-- Study material follows --
(* Each step, the pair (i, k) inherits at least eps^2 of the slack D - S at the
   pair of predecessors (j, l) on the walks from c. *)
Lemma disagreement_walk c D t0 m i k :
  (forall i k, S t0 i k <= D) -> walk E c i m -> walk E c k m ->
  S (t0 + m)%N i k <= (1 - eps ^+ (2 * m)) * D.
Proof.
move=> S_le; elim: m i k => [|m IH] i k wi wk.
  by rewrite (walk0_eq wi) (walk0_eq wk) addn0 S_diag muln0 expr0 subrr mul0r.
have [j wj Eji] := walkS_last wi; have [l wl Elk] := walkS_last wk.
have D_ge0 : 0 <= D by rewrite -(S_diag t0 i) S_le.
set t := (t0 + m)%N; have [A_ge0 A_sum1] := A_stoch t.
have S_le_t a b : S t a b <= D by apply: disagreement_le_shift.
pose slack a b := A t i a * A t k b * (D - S t a b).
have slack_ge0 a b : 0 <= slack a b by rewrite !mulr_ge0 ?subr_ge0.
have avg : \sum_a \sum_b A t i a * A t k b * S t a b = D - \sum_a \sum_b slack a b.
  rewrite -[X in X - _]mul1r -(sum_row_products_eq1 i k A_sum1) mulr_suml -sumrB.
  apply: eq_bigr => a _; rewrite mulr_suml -sumrB.
  by apply: eq_bigr => b _; rewrite /slack; ring.
have slack_jl : slack j l <= \sum_a \sum_b slack a b.
  apply: (le_trans (ler_sum_term (F := slack j) l (slack_ge0 j))).
  by apply: (ler_sum_term (F := fun a => \sum_b slack a b)) => a; apply: sumr_ge0.
have eps2 : eps * eps <= A t i j * A t k l by rewrite ler_pM ?A_floor.
have pow_ge0 : 0 <= eps ^+ (2 * m) by rewrite exprn_ge0.
have slack_ge : eps * eps * (eps ^+ (2 * m) * D) <= slack j l.
  rewrite /slack ler_pM ?mulr_ge0 //; have := IH j l wj wl; lra.
rewrite addnS; apply: (le_trans (S_step _ i k)); rewrite -/t avg.
have -> : eps ^+ (2 * m.+1) = eps * eps * eps ^+ (2 * m) by rewrite mulnS !exprS mulrA.
lra.
Qed.

Lemma disagreement_radius r D t0 i k : (forall i, E i i) -> is_radius E r ->
  (forall i k, S t0 i k <= D) -> S (t0 + r)%N i k <= (1 - eps ^+ (2 * r)) * D.
Proof.
move=> Eii Er S_le; have [c c_walks] := radius_center_walks Eii Er.
exact: disagreement_walk.
Qed.

Lemma disagreement_geometric r t i k : (forall i, E i i) -> is_radius E r ->
  (forall i k, S 0 i k <= 1) -> S t i k <= (1 - eps ^+ (2 * r)) ^+ (t %/ r).
Proof.
move=> Eii Er S0_le1.
have S_period n a b : S (n * r)%N a b <= (1 - eps ^+ (2 * r)) ^+ n.
  elim: n a b => [|n IH] a b; first by rewrite mul0n expr0.
  by rewrite mulSn addnC exprS; apply: disagreement_radius.
by rewrite {1}(divn_eq t r); apply: disagreement_le_shift; apply: S_period.
Qed.

End Consensus.

Section Dynamics.
Variables (R : realType) (N d dQK : nat) (E : rel 'I_N) (M : R).
Variables (WQ WK : nat -> 'M[R]_(d, dQK)) (WV : nat -> 'M[R]_d) (X : nat -> 'M[R]_(N, d)).
Hypotheses (E_refl : forall i, E i i)
  (W_bound : forall t, opnorm2 (WQ t) <= M /\ opnorm2 (WK t) <= M)
  (WV_orth : forall t, WV t *m (WV t)^T = 1%:M)
  (X_step : forall t, X t.+1 = sa_ln_step E (X t) (WQ t) (WK t) (WV t))
  (X0_unit : forall i, vnorm (row i (X 0%N)) = 1)
  (X0_gram_ge0 : forall i j, 0 <= rowdot (X 0%N) i j).

Local Notation A t := (attn E (X t) (WQ t) (WK t)).

Definition attn_floor : R :=
  let B := (Num.sqrt dQK%:R)^-1 * (M * M) in expR (- (B + B)) / N%:R.

Lemma attn_floor_gt0 : (0 < N)%N -> 0 < attn_floor.
Proof. by move=> N_gt0; rewrite divr_gt0 ?expR_gt0 ?ltr0n. Qed.

Lemma natr_mul_attn_floor_le1 : (0 < N)%N -> N%:R * attn_floor <= 1.
Proof.
move=> N_gt0; have B_ge0 : 0 <= (Num.sqrt dQK%:R)^-1 * (M * M).
  by rewrite mulr_ge0 ?invr_ge0 ?sqrtr_ge0 // -expr2 sqr_ge0.
rewrite /attn_floor mulrC divfK ?pnatr_eq0 -?lt0n //.
by rewrite -[leRHS]expR0 ler_expR oppr_le0 addr_ge0.
Qed.

Lemma attn_ge_floor t i j :
  (forall i, rowdot (X t) i i = 1) -> E j i -> attn_floor <= A t i j.
Proof.
move=> Xt_unit; have [WQ_le WK_le] := W_bound t.
exact/softmaxG_floor/(attn_score_bound Xt_unit WQ_le WK_le).
Qed.

Lemma attn_diag_gt0 t i : (forall i, rowdot (X t) i i = 1) -> 0 < A t i i.
Proof.
move=> Xt_unit; apply: lt_le_trans (attn_ge_floor Xt_unit (E_refl i)).
by rewrite attn_floor_gt0 // (leq_ltn_trans _ (ltn_ord i)).
Qed.

Lemma dynamics_gram t :
  (forall i, rowdot (X t) i i = 1) /\ (forall i k, 0 <= rowdot (X t) i k).
Proof.
elim: t => [|t [Xt_unit Xt_ge0]].
  by split=> // i; apply: sqrtr_eq1; rewrite -vnorm_row.
have A_diag_gt0 i := attn_diag_gt0 i Xt_unit.
rewrite X_step; split=> [i|i k].
  exact: (layernorm_step_unit (WV_orth t) (softmaxG_stochastic _ E_refl)).
exact: (layernorm_step_gram_ge0 (WV_orth t) (softmaxG_stochastic _ E_refl)).
Qed.

Lemma dynamics_disagreement_le1 t i k : 1 - rowdot (X t) i k <= 1.
Proof. by rewrite lerBlDr lerDl; apply: (dynamics_gram t).2. Qed.

Section Contraction.
Variable eps : R.
Hypotheses (eps_ge0 : 0 <= eps) (eps_le_floor : eps <= attn_floor).

Let S t i k := 1 - rowdot (X t) i k.

Let S_diag t i : S t i i = 0.
Proof. by rewrite /S (dynamics_gram t).1 subrr. Qed.

Let S_step t i k : S t.+1 i k <= \sum_j \sum_l A t i j * A t k l * S t j l.
Proof.
have [Xt_unit Xt_ge0] := dynamics_gram t.
have A_diag_gt0 i' := attn_diag_gt0 i' Xt_unit.
rewrite /S X_step.
exact: (layernorm_step_disagreement (WV_orth t) (softmaxG_stochastic _ E_refl)).
Qed.

Let A_floor t i j : E j i -> eps <= A t i j.
Proof.
move=> Eji; apply: le_trans eps_le_floor (attn_ge_floor _ Eji).
exact: (dynamics_gram t).1.
Qed.

Lemma dynamics_disagreement_geometric r t i k : is_radius E r ->
  1 - rowdot (X t) i k <= (1 - eps ^+ (2 * r)) ^+ (t %/ r).
Proof.
move=> Er; apply: (disagreement_geometric (S := S) S_diag S_step _ A_floor) => //.
  by move=> t'; apply: softmaxG_stochastic.
exact: dynamics_disagreement_le1.
Qed.

End Contraction.
End Dynamics.

Lemma sum_sq_centered (R : realType) N (x : 'I_N -> R) : (0 < N)%N ->
  \sum_i (x i - (\sum_k x k) / N%:R) ^+ 2 =
  \sum_i x i * x i - (\sum_i \sum_k x i * x k) / N%:R.
Proof.
move=> N_gt0; have N_neq0 : (N%:R : R) != 0 by rewrite pnatr_eq0 -lt0n.
set s := \sum_k x k.
have -> : \sum_i \sum_k x i * x k = s * s.
  by rewrite mulr_suml; apply: eq_bigr => i _; rewrite mulr_sumr.
rewrite (eq_bigr (fun i => x i * x i - 2 * s / N%:R * x i + s ^+ 2 / N%:R ^+ 2));
  last by move=> i _; field.
rewrite big_split sumrB /= -mulr_sumr sumr_const card_ord -/s -[_ *+ N]mulr_natr.
by field.
Qed.

Lemma mu_le_disagreement (R : realType) N d (X : 'M[R]_(N, d)) D : (0 < N)%N ->
  (forall i, rowdot X i i = 1) -> (forall i k, 1 - rowdot X i k <= D) ->
  mu X <= Num.sqrt (N%:R * D).
Proof.
move=> N_gt0 X_unit X_le; have N_pos : (0 : R) < N%:R by rewrite ltr0n.
rewrite /mu; apply: ler_wsqrtr; rewrite exchange_big /=.
under eq_bigr => j _ do rewrite sum_sq_centered //.
rewrite sumrB -mulr_suml.
have -> : \sum_j \sum_i X i j * X i j = \sum_i rowdot X i i by rewrite exchange_big.
have -> : \sum_j \sum_i \sum_k X i j * X k j = \sum_i \sum_k rowdot X i k.
  by rewrite exchange_big; apply: eq_bigr => i _; rewrite exchange_big.
under eq_bigr do rewrite X_unit.
rewrite sumr_const card_ord; set G := \sum_i \sum_k rowdot X i k.
have sum_le : \sum_(i < N) \sum_(k < N) (1 - rowdot X i k) <= \sum_(i < N) \sum_(k < N) D.
  by apply: ler_sum => i _; apply: ler_sum => k _.
have sum_disagreement : \sum_(i < N) \sum_(k < N) (1 - rowdot X i k) = N%:R * N%:R - G.
  rewrite (eq_bigr (fun i => N%:R - \sum_k rowdot X i k)); last first.
    by move=> i _; rewrite sumrB sumr_const card_ord.
  by rewrite sumrB sumr_const card_ord mulr_natr.
have sum_D : \sum_(i < N) \sum_(k < N) D = N%:R * (N%:R * D).
  rewrite (eq_bigr (fun _ => N%:R * D)); last first.
    by move=> i _; rewrite sumr_const card_ord mulr_natl.
  by rewrite sumr_const card_ord -[_ *+ N]mulr_natl.
rewrite sum_disagreement sum_D in sum_le.
have -> : N%:R - G / N%:R = (N%:R * N%:R - G) / N%:R by field; exact: lt0r_neq0.
rewrite ler_pdivrMr //; nra.
Qed.

(* q^(t %/ r) <= q^(t / r - 1) since t / r < t %/ r + 1; the square root halves the exponent. *)
Lemma sqrt_expr_divn_le_powR (R : realType) N (q : R) r t :
  0 < q -> q < 1 -> (0 < r)%N -> (0 < N)%N ->
  Num.sqrt (N%:R * q ^+ (t %/ r)) <= Num.sqrt (N%:R / q) * powR q (t%:R / (2 * r)%:R).
Proof.
move=> q_gt0 q_lt1 r_gt0 N_gt0; have N_pos : (0 : R) < N%:R by rewrite ltr0n.
set n := (t %/ r)%N; set y := powR q _; have y_ge0 : 0 <= y by apply: powR_ge0.
have y2 : y ^+ 2 = expR (t%:R / r%:R * ln q).
  rewrite /y /powR (negbTE (lt0r_neq0 q_gt0)) -expRM_natl; congr expR.
  by rewrite natrM; field; rewrite pnatr_eq0 -lt0n r_gt0.
have qn : q ^+ n.+1 = expR (n.+1%:R * ln q).
  by rewrite -[LHS](lnK (x := q ^+ n.+1)) ?lnXn // ?mulr_natl // posrE exprn_gt0.
have qn_le : q ^+ n.+1 <= y ^+ 2.
  rewrite qn y2 ler_expR; apply: ler_wnM2r; first by rewrite ln_le0 // ltW.
  by rewrite ler_pdivrMr ?ltr0n // -natrM ler_nat ltnW // /n ltn_ceil.
rewrite -[y]ger0_norm // -sqrtr_sqr -sqrtrM; last by rewrite divr_ge0 // ltW.
apply: ler_wsqrtr; apply: (@le_trans _ _ (N%:R / q * q ^+ n.+1)).
  by rewrite exprS mulrA divfK ?lt0r_neq0.
by rewrite ler_pM2l ?divr_gt0.
Qed.

Theorem corollary1 (R : realType) (N d dQK : nat) (E : rel 'I_N) (r : nat)
  (WQ WK : nat -> 'M[R]_(d, dQK)) (WV : nat -> 'M[R]_d)
  (X : nat -> 'M[R]_(N, d)) :
  (0 < dQK)%N ->
  (forall i, vnorm (row i (X 0%N)) = 1) ->
  (forall t, X t.+1 = sa_ln_step E (X t) (WQ t) (WK t) (WV t)) ->
  quasi_strongly_connected E -> is_radius E r ->
  (forall i, E i i) ->
  (exists M : R, forall t, opnorm2 (WQ t) <= M /\ opnorm2 (WK t) <= M) ->
  (forall t, WV t *m (WV t)^T = 1%:M) ->
  (forall i j, 0 <= rowdot (X 0%N) i j) ->
  exists C eps : R, 0 < C /\ 0 < eps /\ N%:R * eps < 1 /\
    forall t : nat, mu (X t) <= C * powR (1 - eps ^+ (2 * r)) (t%:R / (2 * r)%:R).
Proof.
move=> _ X0_unit X_step _ E_radius E_refl [M W_bound] WV_orth X0_gram_ge0.
have N_gt0 : (0 < N)%N by case: E_radius => -[c _] _; apply: leq_ltn_trans (ltn_ord c).
have floor_gt0 := attn_floor_gt0 dQK M N_gt0.
pose eps := attn_floor N dQK M / 2.
have eps_gt0 : 0 < eps by rewrite divr_gt0.
have eps_le_floor : eps <= attn_floor N dQK M by rewrite /eps; lra.
have Neps_lt1 : N%:R * eps < 1.
  by have := natr_mul_attn_floor_le1 dQK M N_gt0; rewrite /eps mulrA; lra.
have X_unit t := (dynamics_gram E_refl W_bound WV_orth X_step X0_unit X0_gram_ge0 t).1.
have [r_eq0|r_gt0] := posnP r.
  exists 1, eps; do 2!split=> //; split=> // t; rewrite mul1r.
  apply: le_trans (mu_le_disagreement (D := 0) N_gt0 (X_unit t) _) _; last first.
    by rewrite mulr0 sqrtr0 powR_ge0.
  have [c c_walks] := radius_center_walks E_refl E_radius; rewrite r_eq0 in c_walks.
  by move=> i k; rewrite (walk0_eq (c_walks i)) (walk0_eq (c_walks k)) X_unit subrr.
have eps_lt1 : eps < 1.
  by apply: le_lt_trans Neps_lt1; rewrite ler_peMl ?(ltW eps_gt0) // ler1n.
set q := 1 - eps ^+ (2 * r).
have q_gt0 : 0 < q by rewrite subr_gt0 expr_lt1 ?(ltW eps_gt0) // muln_gt0.
have q_lt1 : q < 1 by rewrite ltrBlDr ltrDl exprn_gt0.
exists (Num.sqrt (N%:R / q)), eps; split; first by rewrite sqrtr_gt0 divr_gt0 ?ltr0n.
do 2!split=> //; move=> t.
apply: le_trans (sqrt_expr_divn_le_powR t q_gt0 q_lt1 r_gt0 N_gt0).
apply: mu_le_disagreement => // i k.
exact: (dynamics_disagreement_geometric E_refl W_bound WV_orth X_step X0_unit X0_gram_ge0
  (ltW eps_gt0) eps_le_floor).
Qed.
-- Study material concluded --
▸ **Exercise**
Look for the string "natrM" in the listing above and copy every line holding it.

▸ **Completed exercise**
  by rewrite natrM; field; rewrite pnatr_eq0 -lt0n r_gt0.
  by rewrite ler_pdivrMr ?ltr0n // -natrM ler_nat ltnW // /n ltn_ceil.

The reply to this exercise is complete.